6. WWE Here Comes the Pain!
For those who keep mentioning that Brock is on the cover of WWE2K17 forget that he graced the cover of what can still be considered the best wrestling game of all-time. This was the first time a WWE product/game was billed as something outside of a catchphrase from The Rock – Before this, it was Smackdown!, Smackdown! Know Your Role, Just Bring it, and Shut Your Mouth (man had some good catchphrases).
They were more or less recycling animations and graphics from previous entries until they overhauled the entire thing.

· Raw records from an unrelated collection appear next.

(* Let $P=P(G,[\omega])$ be a toric poset over $V$, and let $S\subseteq V$ be nonempty and either a toric interval $[i,j]^{\mathrm{tor}}$ of $P$ or a geometric toric antichain of $P$. Then the partition $\pi_S=\{S\}\cup\{\{v\}:v\in V\setminus S\}$ is closed with respect to $P$; that is, contracting $S$ defines a toric (quotient) morphism.
   Context: Toric poset setup: $V=[n]$; $\mathrm{Acyc}(G)$ acyclic orientations; $[\omega]$ the class under the equivalence generated by converting a source into a sink; toric chambers (components of $\mathbb{R}^V/\mathbb{Z}^V$ minus the hyperplanes $\{x_i\equiv x_j\bmod 1\}$, $\{i,j\}\in E$) correspond bijectively to classes $[\omega]$; $P(G,[\omega])$ is identified with its chamber $c(P)$. $D_\pi$, $D^{\mathrm{tor}}_\pi$ as usual ($x_i=x_j$ for $i,j$ in common blocks). Toric closure $\mathrm{cl}^{\mathrm{tor}}_P(\pi)$: coarsest $\bar\pi\ge\pi$ with $\overline{c(P)}\cap D^{\mathrm{tor}}_{\bar\pi}=\overline{c(P)}\cap D^{\mathrm{tor}}_\pi$; closed means $\pi=\mathrm{cl}^{\mathrm{tor}}_P(\pi)$; toric quotient morphisms are projections onto $D^{\mathrm{tor}}_\pi$ for closed $\pi$. Toric chain: $C=\{i_1,\dots,i_m\}$ with a cyclic class $[(i_1,\dots,i_m)]$ such that every $x\in c(P)$ (coordinates in $[0,1)$) has a cyclic shift $(j_1,\dots,j_m)$ with $0\le x_{j_1}<\dots<x_{j_m}<1$; $P|_C$ denotes this class. Toric interval: $[i,i]^{\mathrm{tor}}=\{i\}$; for $i\neq j$, empty if $\{i,j\}$ is not a toric chain, else $\{i,j\}\cup\{k:P|_{\{i,j,k\}}=[(i,k,j)]\}$. Geometric toric antichain: $A\subseteq V$ such that $D^{\mathrm{tor}}_{\pi_A}$ intersects the open chamber $c(P)$. *)

From mathcomp Require Import all_boot.
From Stdlib Require Import Reals Relation_Operators.

Set Implicit Arguments.
Unset Strict Implicit.

Local Open Scope R_scope.

Section TorDefs.
Variable n : nat.
Notation V := ('I_n).

(* A point of R^V; the torus R^V/Z^V is handled through Z^V-periodic
   subsets of R^V (lifts). *)
Definition pt := V -> R.

Definition is_int (r : R) : Prop := exists k : Z, r = IZR k.

Definition simple_graph (E : V -> V -> Prop) : Prop :=
  (forall i j, E i j -> E j i) /\ (forall i, ~ E i i).

Definition acyc_orient (E om : V -> V -> Prop) : Prop :=
  (forall i j, om i j -> E i j) /\
  (forall i j, E i j -> (om i j \/ om j i)) /\
  (forall i j, om i j -> ~ om j i) /\
  (forall i, ~ clos_trans V om i i).

Definition avoid (E : V -> V -> Prop) (x : pt) : Prop :=
  forall i j, E i j -> ~ is_int (x i - x j).

(* x and y (mod Z^V) lie in the same connected (= path) component of the
   complement of the toric arrangement: a continuous path in R^V from x to
   a lift of y avoiding the (lifted) hyperplanes. *)
Definition same_comp (E : V -> V -> Prop) (x y : pt) : Prop :=
  exists g : R -> pt,
    (forall i, continuity (fun t => g t i)) /\
    (forall i, g 0 i = x i) /\
    (forall i, is_int (g 1 i - y i)) /\
    (forall t, 0 <= t <= 1 -> avoid E (g t)).

(* Lift to R^V of the toric chamber c(P) of P = P(G,[omega]): the component
   of the complement containing the image of the points of the open unit
   cube lying in the graphic chamber of omega. *)
Definition tchamber (E om : V -> V -> Prop) (x : pt) : Prop :=
  avoid E x /\
  exists y : pt, (forall i, 0 < y i < 1) /\
                 (forall i j, om i j -> y i < y j) /\
                 same_comp E y x.

Definition in_closure (E om : V -> V -> Prop) (x : pt) : Prop :=
  forall eps, 0 < eps ->
    exists y, tchamber E om y /\ forall i, Rabs (x i - y i) < eps.

Definition is_partition (p : V -> V -> Prop) : Prop :=
  (forall i, p i i) /\ (forall i j, p i j -> p j i) /\
  (forall i j k, p i j -> p j k -> p i k).

Definition coarser (p q : V -> V -> Prop) : Prop := forall i j, p i j -> q i j.

Definition Dtor (p : V -> V -> Prop) (x : pt) : Prop :=
  forall i j, p i j -> is_int (x i - x j).

Definition tor_closed (E om : V -> V -> Prop) (p : V -> V -> Prop) : Prop :=
  forall q, is_partition q -> coarser p q ->
    (forall x, (in_closure E om x /\ Dtor q x) <-> (in_closure E om x /\ Dtor p x)) ->
    forall i j, q i j -> p i j.

Definition piS (S : V -> Prop) : V -> V -> Prop :=
  fun i j => i = j \/ (S i /\ S j).

Fixpoint incr (x : pt) (l : seq V) : Prop :=
  match l with
  | a :: ((b :: _) as l') => x a < x b /\ incr x l'
  | _ => True
  end.

(* Toric chain C = elements of l with P|_C = [l] (cyclic class of l). *)
Definition tchain (E om : V -> V -> Prop) (l : seq V) : Prop :=
  uniq l /\
  forall x, tchamber E om x -> (forall v, 0 <= x v < 1) ->
    exists r, (r < size l)%nat /\ incr x (rot r l).

Definition tinterval (E om : V -> V -> Prop) (i j : V) (k : V) : Prop :=
  (i = j /\ k = i) \/
  (i <> j /\ tchain E om [:: i; j] /\
     (k = i \/ k = j \/ (k <> i /\ k <> j /\ tchain E om [:: i; k; j]))).

Definition geom_antichain (E om : V -> V -> Prop) (A : V -> Prop) : Prop :=
  exists x, tchamber E om x /\ Dtor (piS A) x.

End TorDefs.

From mathcomp Require Import all_boot.
From Stdlib Require Import Reals Relation_Operators Lra Lia Classical ClassicalEpsilon.

(* To show that pi_S is closed it suffices, for every a outside S, to find a
   point X of the closure of c(P) on which S collapses modulo 1 while X_a is
   distinct modulo 1 from every other coordinate.  Inside a unit window
   [c, c+1) membership in c(P) only depends on the strict order of the
   coordinates, so such an X is obtained from a chamber point z by any
   weakly order-preserving map followed by a small push of X_a.  For a
   geometric antichain z already collapses S; for a toric interval [i,j] a
   chamber point witnessing that [i,a,j] is not a toric chain puts S inside
   [z_i, z_j] and a outside (z_i, z_j), so S can be squeezed onto z_j. *)

Set Implicit Arguments.
Unset Strict Implicit.

Local Open Scope R_scope.

Lemma is_int_add a b : is_int a -> is_int b -> is_int (a + b).
Proof. by move=> [k ->] [l ->]; exists (k + l)%Z; rewrite plus_IZR. Qed.

Lemma is_int_sub a b : is_int a -> is_int b -> is_int (a - b).
Proof. by move=> [k ->] [l ->]; exists (k - l)%Z; rewrite minus_IZR. Qed.

Lemma is_int_diag a : is_int (a - a).
Proof. by exists 0%Z; rewrite Rminus_diag. Qed.

Lemma window_noint c u v :
  c <= u < c + 1 -> c <= v < c + 1 -> u <> v -> ~ is_int (u - v).
Proof.
move=> Hu Hv Nuv [k Hk].
have /lt_IZR Hk1 : IZR k < 1 by lra.
have /lt_IZR Hk2 : IZR (-1) < IZR k by rewrite /=; lra.
have Hk0 : k = 0%Z by lia.
by move: Hk; rewrite Hk0 /=; lra.
Qed.

Lemma convex_window c s a b :
  0 <= s <= 1 -> c <= a < c + 1 -> c <= b < c + 1 -> c <= (1 - s) * a + s * b < c + 1.
Proof.
move=> Hs Ha Hb.
have : 0 <= (1 - s) * (a - c) by apply: Rmult_le_pos; lra.
have : 0 <= s * (b - c) by apply: Rmult_le_pos; lra.
have : 0 <= (1 - s) * (c + 1 - a) by apply: Rmult_le_pos; lra.
have : 0 <= s * (c + 1 - b) by apply: Rmult_le_pos; lra.
have [->|Hs0] := Req_dec s 0; first lra.
have : 0 < s * (c + 1 - b) by apply: Rmult_lt_0_compat; lra.
lra.
Qed.

Lemma convex_le_lt s a1 a2 b1 b2 :
  0 < s <= 1 -> a1 <= a2 -> b1 < b2 -> (1 - s) * a1 + s * b1 < (1 - s) * a2 + s * b2.
Proof. by move=> *; nra. Qed.

Lemma convex_lt s a1 a2 b1 b2 :
  0 <= s <= 1 -> a1 < a2 -> b1 < b2 -> (1 - s) * a1 + s * b1 < (1 - s) * a2 + s * b2.
Proof.
move=> Hs Ha Hb; have [->|Hs0] := Req_dec s 0; first lra.
by apply: convex_le_lt; lra.
Qed.

(* ramp_lo t = min (2t) 1 and ramp_hi t = max (2t - 1) 0, written with Rabs so
   that [reg] proves their continuity; they parametrize a concatenation of two
   paths. *)
Definition ramp_lo (t : R) := (2 * t + 1 - Rabs (2 * t - 1)) / 2.
Definition ramp_hi (t : R) := (2 * t - 1 + Rabs (2 * t - 1)) / 2.

Lemma ramps_first_half t : t <= 1 / 2 -> ramp_lo t = 2 * t /\ ramp_hi t = 0.
Proof. by move=> Ht; rewrite /ramp_lo /ramp_hi Rabs_left1; [split; lra | lra]. Qed.

Lemma ramps_second_half t : 1 / 2 <= t -> ramp_lo t = 1 /\ ramp_hi t = 2 * t - 1.
Proof. by move=> Ht; rewrite /ramp_lo /ramp_hi Rabs_right; [split; lra | lra]. Qed.

Lemma finite_pos_lower_bound (T : finType) (f : T -> R) :
  (forall v, 0 < f v) -> exists e, 0 < e /\ forall v, e <= f v.
Proof.
move=> Hf.
suff [e [He Hs]] : exists e, 0 < e /\ forall v, v \in enum T -> e <= f v.
  by exists e; split=> // v; apply: Hs; rewrite mem_enum.
elim: (enum T) => [|a s [e [He IH]]]; first by exists 1; split=> //; lra.
exists (Rmin e (f a)); split; first exact: Rmin_pos.
move=> v; rewrite in_cons => /orP [/eqP ->|Hv]; first exact: Rmin_r.
exact: Rle_trans (Rmin_l _ _) (IH v Hv).
Qed.

Definition asbool (P : Prop) : bool :=
  if excluded_middle_informative P then true else false.

Lemma asboolP (P : Prop) : reflect P (asbool P).
Proof. by rewrite /asbool; case: excluded_middle_informative => H; constructor. Qed.

Section TorChambers.
Context {n : nat} {E om : 'I_n -> 'I_n -> Prop}.
Implicit Types (x y z w : pt n) (S : 'I_n -> Prop).

Definition in_window (c : R) x := forall v, c <= x v < c + 1.
Definition int_translate x y := forall v, is_int (y v - x v).
Definition preserves_lt z w := forall u v, z u < z v -> w u < w v.
Definition preserves_le z w := forall u v, z u < z v -> w u <= w v.

Lemma window_rep x c : exists z, in_window c z /\ int_translate x z.
Proof.
exists (fun v => x v - IZR (up (x v - c) - 1)); split => v.
- by rewrite minus_IZR; have := archimed (x v - c); rewrite /=; lra.
- by exists (- (up (x v - c) - 1))%Z; rewrite opp_IZR; ring.
Qed.

Lemma Dtor_shift (p : 'I_n -> 'I_n -> Prop) x y :
  Dtor p x -> int_translate x y -> Dtor p y.
Proof.
move=> HD Hxy u v Huv.
have -> : y u - y v = (y u - x u) - (y v - x v) + (x u - x v) by ring.
by apply: is_int_add; [apply: is_int_sub|apply: HD].
Qed.

Lemma avoid_shift x y : avoid E x -> int_translate x y -> avoid E y.
Proof.
move=> Hx Hxy u v Euv Hy; apply: (Hx u v Euv).
have -> : x u - x v = (y u - y v) - (y u - x u) + (y v - x v) by ring.
by apply: is_int_add => //; apply: is_int_sub.
Qed.

Lemma avoid_window c x :
  in_window c x -> (forall u v, E u v -> x u <> x v) -> avoid E x.
Proof. by move=> Wx Hx u v Euv; apply: window_noint; [apply: Wx|apply: Wx|apply: Hx]. Qed.

Lemma tchamber_edge_neq z u v : tchamber E om z -> E u v -> z u <> z v.
Proof. by move=> [Hav _] Euv Hzuv; apply: (Hav u v Euv); rewrite Hzuv; apply: is_int_diag. Qed.

Lemma tchamber_shift x y : tchamber E om x -> int_translate x y -> tchamber E om y.
Proof.
move=> [Hav [y0 [Hy0 [Hom0 [g [Hgc [Hg0 [Hg1 Hgav]]]]]]]] Hxy.
split; first exact: avoid_shift Hav Hxy.
exists y0; do 2 split=> //; exists g; do 3 split=> //.
move=> i; have -> : g 1 i - y i = (g 1 i - x i) - (y i - x i) by ring.
exact: is_int_sub.
Qed.

Lemma tchamber_path z w (f : R -> pt n) :
  tchamber E om z -> (forall i, continuity (fun t => f t i)) ->
  (forall i, f 0 i = z i) -> (forall i, f 1 i = w i) ->
  (forall t, 0 <= t <= 1 -> avoid E (f t)) -> tchamber E om w.
Proof.
move=> [_ [y [Hy [Hyom [g [Hgc [Hg0 [Hg1 Hgav]]]]]]]] Hfc Hf0 Hf1 Hfav.
have Hw : avoid E w.
  by apply: (avoid_shift (Hfav 1 ltac:(lra))) => i; rewrite Hf1; apply: is_int_diag.
split=> //; exists y; do 2 split=> //.
exists (fun t i => g (ramp_lo t) i + (f (ramp_hi t) i - z i)); split; [|split; [|split]].
- move=> i; apply: (continuity_plus (fun t => g (ramp_lo t) i)).
    by apply: (continuity_comp ramp_lo (fun s => g s i)) => //; rewrite /ramp_lo; reg.
  apply: (continuity_minus (fun t => f (ramp_hi t) i)); last exact: continuity_const.
  by apply: (continuity_comp ramp_hi (fun s => f s i)) => //; rewrite /ramp_hi; reg.
- move=> i; have [-> ->] := @ramps_first_half 0 ltac:(lra).
  by rewrite Rmult_0_r Hg0 Hf0; ring.
- move=> i; have [-> ->] := @ramps_second_half 1 ltac:(lra).
  have -> : 2 * 1 - 1 = 1 by ring.
  by rewrite Hf1; have -> : g 1 i + (w i - z i) - w i = g 1 i - z i by ring.
- move=> t Ht; have [Hlo|Hhi] := Rle_lt_dec t (1 / 2).
  + have [-> ->] := ramps_first_half Hlo.
    apply: (avoid_shift (Hgav (2 * t) ltac:(lra))) => i.
    by rewrite Hf0 Rminus_diag Rplus_0_r; apply: is_int_diag.
  + have [-> ->] := ramps_second_half (Rlt_le _ _ Hhi).
    apply: (avoid_shift (Hfav (2 * t - 1) ltac:(lra))) => i.
    by have -> : g 1 i + (f (2 * t - 1) i - z i) - f (2 * t - 1) i = g 1 i - z i by ring.
Qed.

There were short-comings, granted. like an inconsistent design (Goldberg looked spot-on, while Triple H looked like Play-Doh left out in the sun), some recycled animation they couldn’t improve (like RVD’s hobble strafe) no commentary and no voice overs. There were about 10-20 storylines with different characters that you’d be playing on repeat if you chose to play again.
The fun part was, like olden sports games, you could max out a character (it’s a game, who says Big Show can’t also do a 5-star frog splash, no actual lives are in danger here) and even change movesets of regular characters as well as their stats (you’d have to earn them first though).
In short, there was no greater more fun experience in WWE simulation than the one that brought everything together for Here Comes the Pain! Warts and all.
0. WWE2K Franchise – THE WORST!
WWE 2K20 was not a video game. It was an attempt to see how little effort 2K can put in and still get paid. It is Karma for anything bad you might have done
This franchise had one good year, WWE2K14. Literally its first year under 2K. They were picking up where THQ had left off.
After that, everything gradually kept getting worse. They first removed the single-player storyline for your custom character, removing the last hint of RPG this franchise had, only to bring it back later with a broken story and progression system.
Then there was the whole lootbox debacle. At one point in this franchise, to unlock new moves, attires, characters, you first had to win a certain amount of in-game currency, and then spend that on loot crates. Basically, the whole game was just a loot crate sales simulator.
After that atrocity, story mode was just you replaying major moments from WWE history, which they really counted on people enjoying more than everything else.
All else aside, they did not even come up with any new in-game mechanics that THQ hadn’t already created. This is why fans think someone was sleeping at the wheel. We know WWE is perfectly capable of endorsing a fun game that people enjoy playing, that is why lists like these exist in the first place. The fact that they let 2K put out a consistently bad game is a fault on their part.
All other games, like FIFA, NFL, NBA, NHL, MLB et al. can profit from what is essentially a $60 roster update as that’s the only thing about these games that change. However, wrestling is a living breathing product with rises and falls, it can’t be recycled.
It is our hope that whatever shape it next takes, starts a whole new era of WWE’s gaming superiority and not Wrestlemania 36 all over again.